|Macharia Gaitho was right, that by default, Kenya has attained a majimboist status (Daily Nation, February 5, 2008). This status arose from the post-December 27 General Election crisis, which some of our selfish leaders have forced onto us.
It is evidently true, as Gaitho says, that we have witnessed, on a massive scale, the forced movement of people back to their “supposedly ancestral homelands.” Usually an excellent, balanced and perceptive writer, Gaitho nevertheless proceeded to lament the implication which this unplanned majimbo status may have on Kenya’s search for modern statehood.
I think differently. I think our political crisis shows us exactly what the majority of Kenyans think and want. No Kenyan community, so far, has mentioned, or even thought of, secession. Which means that they all remain solidly Kenyan.
It now remains to us to construct a strong Kenyan federalist state from the rubble of post-election turbulence, together with modalities for interaction between the regions.
OUR PEOPLE, FROM MOUNT ELGON in the west, to the Kenya Coast, have always asked for change, from the structures and policies that we inherited from colonialism. But our leaders, starting with Jomo Kenyatta down to Mwai Kibaki, have always refused to listen. Now that the Kenyan communities have decided to take matters into their hands and to show the way, are we prepared to listen?
And what, exactly, are the angry Kenyans saying? What changes do they want? How do they want Kenya to be governed? I suspect that these questions are not new, but the majority of our leaders, particularly those who are the direct beneficiaries of the colonial legacies, have been reluctant to ponder them.
Leading amongst Kenya’s grievances is the question of land. Most Kenyan communities claim that land questions were rashly and unfairly handled by our leaders soon after independence.
Inter-ethnic borders were left vague, and the landed-estates, which the settlers had illegally occupied, were quickly acquired by the emergent African elite, instead of being returned to those who had owned them before the white settlers came.
Even more painful is that, the new occupants of former settler estates are considered to be more arrogant and selfish, than the former white settlers.
Then, there is the persistent question of the national economy. This, again, is in the hands of the emergent African elite class, who run it in collaboration with their international conspirators, as if the majority of Kenyans do not exist. Most Kenyans simply look at what is happening across the fence. The elite form companies, fix and manipulate prices, decide who to employ and are disinterested in the general welfare of the masses.
There is also the question of national leadership, which is contested and manipulated by the rich. Given that democratic leadership hinges on the majority, it means that people from small tribes and clans will be forever excluded from power. In Africa, power is used to develop the regions of the leaders.
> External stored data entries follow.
(* Suppose $(\mu^{(n)}_t,\nu^{(n)}_t)_{t\ge0}$, $n\in\mathbb N$, are processes in $D_{[0,\infty)}(\mathcal M_{\mathrm{tem}}(\mathbb R)^2)$ (resp. $D_{[0,\infty)}(\mathcal M_{\mathrm{rap}}(\mathbb R)^2)$) converging weakly, with respect to the Meyer–Zheng topology, to $(\mu_t,\nu_t)_{t\ge0}$, and suppose that $\mathbb P[R(\mu^{(n)}_t)\le L(\nu^{(n)}_t)\text{ for all }t>0,n\in\mathbb N]=1$. Then $\mathbb P[R(\mu_t)\le L(\nu_t)\text{ for all }t>0]=1$.
   Context: $\phi_\lambda(x)=e^{-\lambda|x|}$. $\mathcal M_{\mathrm{tem}}(\mathbb R)$: nonnegative Radon measures with $\int\phi_\lambda d\mu<\infty$ for all $\lambda>0$, with $\mu_n\to\mu$ iff $\int\varphi d\mu_n\to\int\varphi d\mu$ for every continuous $\varphi$ with, for some $\lambda>0$, $\sup|\varphi|/\phi_\lambda<\infty$ and $\varphi/\phi_\lambda$ having finite limits at $\pm\infty$; $\mathcal M_{\mathrm{rap}}(\mathbb R)$: those with $\int\phi_{-\lambda}d\mu<\infty$ for all $\lambda>0$, with $\mu_n\to\mu$ iff weak convergence and $\sup_n\int\phi_{-\lambda}d\mu_n<\infty$ for all $\lambda>0$. $D_{[0,\infty)}(E)$ is the space of càdlàg paths; the Meyer–Zheng topology on it is induced by weak convergence of pseudo-paths (the images of $e^{-t}dt$ under $t\mapsto(t,w(t))$), equivalently convergence in Lebesgue measure. ${\rm supp}(\mu)=\{x:\mu(B_\varepsilon(x))>0\ \forall\varepsilon>0\}$, $R(\mu)=\sup{\rm supp}(\mu)$, $L(\mu)=\inf{\rm supp}(\mu)$ in $\bar{\mathbb R}$. *)

From HB Require Import structures.
From mathcomp Require Import all_boot all_order all_algebra.
From mathcomp Require Import all_classical all_reals all_analysis.
Set Implicit Arguments. Unset Strict Implicit. Unset Printing Implicit Defensive.
Import Order.TTheory GRing.Theory Num.Theory.
Import numFieldNormedType.Exports.
Local Open Scope classical_set_scope.
Local Open Scope ring_scope.

Section Defs.
Variable R : realType.

Definition Meas := {measure set R -> \bar R}.

Definition phil (lam x : R) : R := expR (- (lam * `|x|)).

Definition Mtem (mu : Meas) : Prop :=
  (forall a b : R, mu `[a, b]%classic < +oo)%E /\
  (forall lam : R, 0 < lam -> (\int[mu]_x (phil lam x)%:E < +oo)%E).

Definition Mrap (mu : Meas) : Prop :=
  forall lam : R, 0 < lam -> (\int[mu]_x (phil (- lam) x)%:E < +oo)%E.

Definition tem_test (f : R -> R) : Prop :=
  continuous f /\
  exists lam : R, 0 < lam /\
    (exists M : R, forall x, `|f x| <= M * phil lam x) /\
    (exists l : R, (fun x => f x / phil lam x) @ +oo --> l) /\
    (exists l : R, (fun x => f x / phil lam x) @ -oo --> l).

Definition tem_conv (mus : nat -> Meas) (mu : Meas) : Prop :=
  forall f, tem_test f ->
    (fun n => (\int[mus n]_x (f x)%:E)%E) @ \oo --> (\int[mu]_x (f x)%:E)%E.

Definition bcont (f : R -> R) : Prop :=
  continuous f /\ exists M : R, forall x, `|f x| <= M.

Definition rap_conv (mus : nat -> Meas) (mu : Meas) : Prop :=
  (forall f, bcont f ->
    (fun n => (\int[mus n]_x (f x)%:E)%E) @ \oo --> (\int[mu]_x (f x)%:E)%E) /\
  (forall lam : R, 0 < lam -> exists C : R,
     forall n, (\int[mus n]_x (phil (- lam) x)%:E <= C%:E)%E).

Definition Mspace (sp : bool) : Meas -> Prop := if sp then Mrap else Mtem.
Definition Mconv (sp : bool) : (nat -> Meas) -> Meas -> Prop :=
  if sp then rap_conv else tem_conv.

Definition Espace sp (x : Meas * Meas) : Prop := Mspace sp x.1 /\ Mspace sp x.2.
Definition Econv sp (xs : nat -> Meas * Meas) (x : Meas * Meas) : Prop :=
  Mconv sp (fun k => (xs k).1) x.1 /\ Mconv sp (fun k => (xs k).2) x.2.

(* paths are functions of time t : R, only t >= 0 matters *)
Definition mpath := R -> Meas * Meas.

Definition cadlag sp (w : mpath) : Prop :=
  (forall t : R, 0 <= t -> Espace sp (w t)) /\
  (forall t : R, 0 <= t -> forall s : nat -> R,
     (forall k, t <= s k) -> s @ \oo --> t -> Econv sp (fun k => w (s k)) (w t)) /\
  (forall t : R, 0 < t -> exists x, Espace sp x /\
     forall s : nat -> R, (forall k, 0 <= s k < t) -> s @ \oo --> t ->
       Econv sp (fun k => w (s k)) x).

Definition bcontE sp (F : R -> Meas * Meas -> R) : Prop :=
  (exists C : R, forall t x, 0 <= t -> Espace sp x -> `|F t x| <= C) /\
  (forall (t : R) (x : Meas * Meas) (ts : nat -> R) (xs : nat -> Meas * Meas),
     0 <= t -> Espace sp x -> (forall k, 0 <= ts k /\ Espace sp (xs k)) ->
     ts @ \oo --> t -> Econv sp xs x ->
     (fun k => F (ts k) (xs k)) @ \oo --> F t x).

(* integral of F against the pseudo-mpath of w
   (image of e^{-t}dt on [0,oo) under t |-> (t, w t)) *)
Definition pseudo_int (F : R -> Meas * Meas -> R) (w : mpath) : \bar R :=
  (\int[lebesgue_measure]_(t in [set t : R | (0 <= t)%R]) ((F t (w t) * expR (- t))%R)%:E)%E.

(* Meyer-Zheng convergence: weak convergence of pseudo-paths *)
Definition MZconv sp (ws : nat -> mpath) (w : mpath) : Prop :=
  forall F, bcontE sp F ->
    (fun k => pseudo_int F (ws k)) @ \oo --> pseudo_int F w.

Definition MZbcont sp (G : mpath -> R) : Prop :=
  (exists C : R, forall w, cadlag sp w -> `|G w| <= C) /\
  (forall (ws : nat -> mpath) w, (forall k, cadlag sp (ws k)) -> cadlag sp w ->
     MZconv sp ws w -> (fun k => G (ws k)) @ \oo --> G w).

(* a random element of D_[0,oo)(E) (Borel sigma-algebra of the MZ topology) *)
Definition Dprocess sp d (T : measurableType d) (X : T -> mpath) : Prop :=
  (forall om, cadlag sp (X om)) /\
  (forall G, MZbcont sp G -> measurable_fun setT (fun om => G (X om))).

Definition MZweak_conv sp d (T : measurableType d) (P : probability T R)
    (Xs : nat -> T -> mpath) (X : T -> mpath) : Prop :=
  forall G, MZbcont sp G ->
    (fun n => (\int[P]_om (G (Xs n om))%:E)%E) @ \oo --> (\int[P]_om (G (X om))%:E)%E.

(* support, R(mu) = sup supp, L(mu) = inf supp in extended reals *)
Definition supp (mu : Meas) : set R :=
  [set x : R | forall e : R, 0 < e -> (0 < mu (`](x - e)%R, (x + e)%R[%classic : set R))%E].
Definition Rsup (mu : Meas) : \bar R := ereal_sup [set x%:E | x in supp mu].
Definition Linf (mu : Meas) : \bar R := ereal_inf [set x%:E | x in supp mu].

Definition RL_ordered (w : mpath) : Prop :=
  forall t : R, 0 < t -> (Rsup (w t).1 <= Linf (w t).2)%E.

End Defs.

From HB Require Import structures.
From mathcomp Require Import all_boot all_order all_algebra.
From mathcomp Require Import all_classical all_reals all_analysis.
From mathcomp Require Import measurable_realfun lra.
Import Order.TTheory GRing.Theory Num.Theory.
Import numFieldNormedType.Exports.
Local Open Scope classical_set_scope.
Local Open Scope ring_scope.

(* Fix a rational c. Damping the ramps y |-> clamp01 (y - c) and
   y |-> clamp01 (c - y) by phi_1 gives test functions of both topologies, so
   overlap c (mu, nu), the product of the truncated integrals of the first
   against mu and of the second against nu, is bounded and continuous on the
   state space; it is positive iff supp mu meets (c, +oo) and supp nu meets
   (-oo, c).  Hence R(mu) <= L(nu) iff overlap c (mu, nu) = 0 for every
   rational c.  Integrating overlap c along the pseudo-path yields a bounded
   Meyer-Zheng continuous functional of the path: it vanishes on the ordered
   paths of X^n, so its expectation vanishes for every X^n and, by weak
   convergence, for X.  Being nonnegative it vanishes a.s., and by right
   continuity of X an integral over time equal to zero forces overlap c (X_t)
   = 0 for every t; a countable intersection over c concludes. *)

Section measure_complements.
Local Open Scope ereal_scope.
Context {d} {T : measurableType d} {R : realType}.
Implicit Type mu : {measure set T -> \bar R}.

Lemma ae_forall_countable {I : countType} {mu} {Q : I -> T -> Prop} :
  (forall i, \forall x \ae mu, Q i x) -> \forall x \ae mu, forall i, Q i x.
Proof.
move=> Qae.
have : \forall x \ae mu, forall n, oapp (fun i => Q i x) True (unpickle n).
  by apply: ae_foralln => n; case: (unpickle n) => [i|]; [exact: Qae|exact: aeW].
by apply: filterS => x Qx i; have := Qx (pickle i); rewrite pickleK.
Qed.

Lemma ae_probabilityP (P : probability T R) (Q : T -> Prop) :
  (exists A, measurable A /\ P A = 1 /\ forall x, A x -> Q x) <->
  \forall x \ae P, Q x.
Proof.
split=> [[A [mA [PA1 AQ]]]|[N [mN PN0 NQ]]].
  exists (~` A); split; first exact: measurableC.
    by rewrite probability_setC // PA1 subee.
  by move=> x /= nQx Ax; exact/nQx/AQ.
exists (~` N); split; first exact: measurableC.
split; first by rewrite probability_setC // PN0 sube0.
by move=> x nNx; apply: contrapT => nQx; exact/nNx/NQ.
Qed.

Lemma ge0_integral_eq0_ae mu (f : T -> R) :
  measurable_fun setT f -> (forall x, 0 <= f x)%R ->
  \int[mu]_x (f x)%:E = 0 -> \forall x \ae mu, f x = 0%R.
Proof.
move=> mf f0 intf0.
have : ae_eq mu setT (fun x => (f x)%:E) (cst 0).
  apply/ae_eq_integral_abs => //; first exact/measurable_EFinP.
  by rewrite -intf0; apply: eq_integral => x _; rewrite gee0_abs // lee_fin.
by apply: filterS => x /(_ I) [].
Qed.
THEN THERE IS THE QUESTION OF ethnicity — which is the ideology of the rich and educated. Ethnic chauvinists are the most annoying people, particularly when they are also the leaders. They often intimate who they do not want and who must be excluded from the resources of the State. They divert tourists from regions they hate, and sit forever on development funds for projects that do not benefit their ethnic community directly.
The above, and several other questions and issues, are at the core of Kenya’s national dilemma and instability. They are not new or un-reformable issues, but surprisingly, few Kenyan leaders have time for them. Our leaders campaign to go to Parliament not to cater for the interests or concerns of their electors, but to find ways of enriching themselves.
The Kenyan people are saying that since in the last 44 years, they have failed to find honest leaders to listen to what they want, they could as well take over the management of their ancestral regions.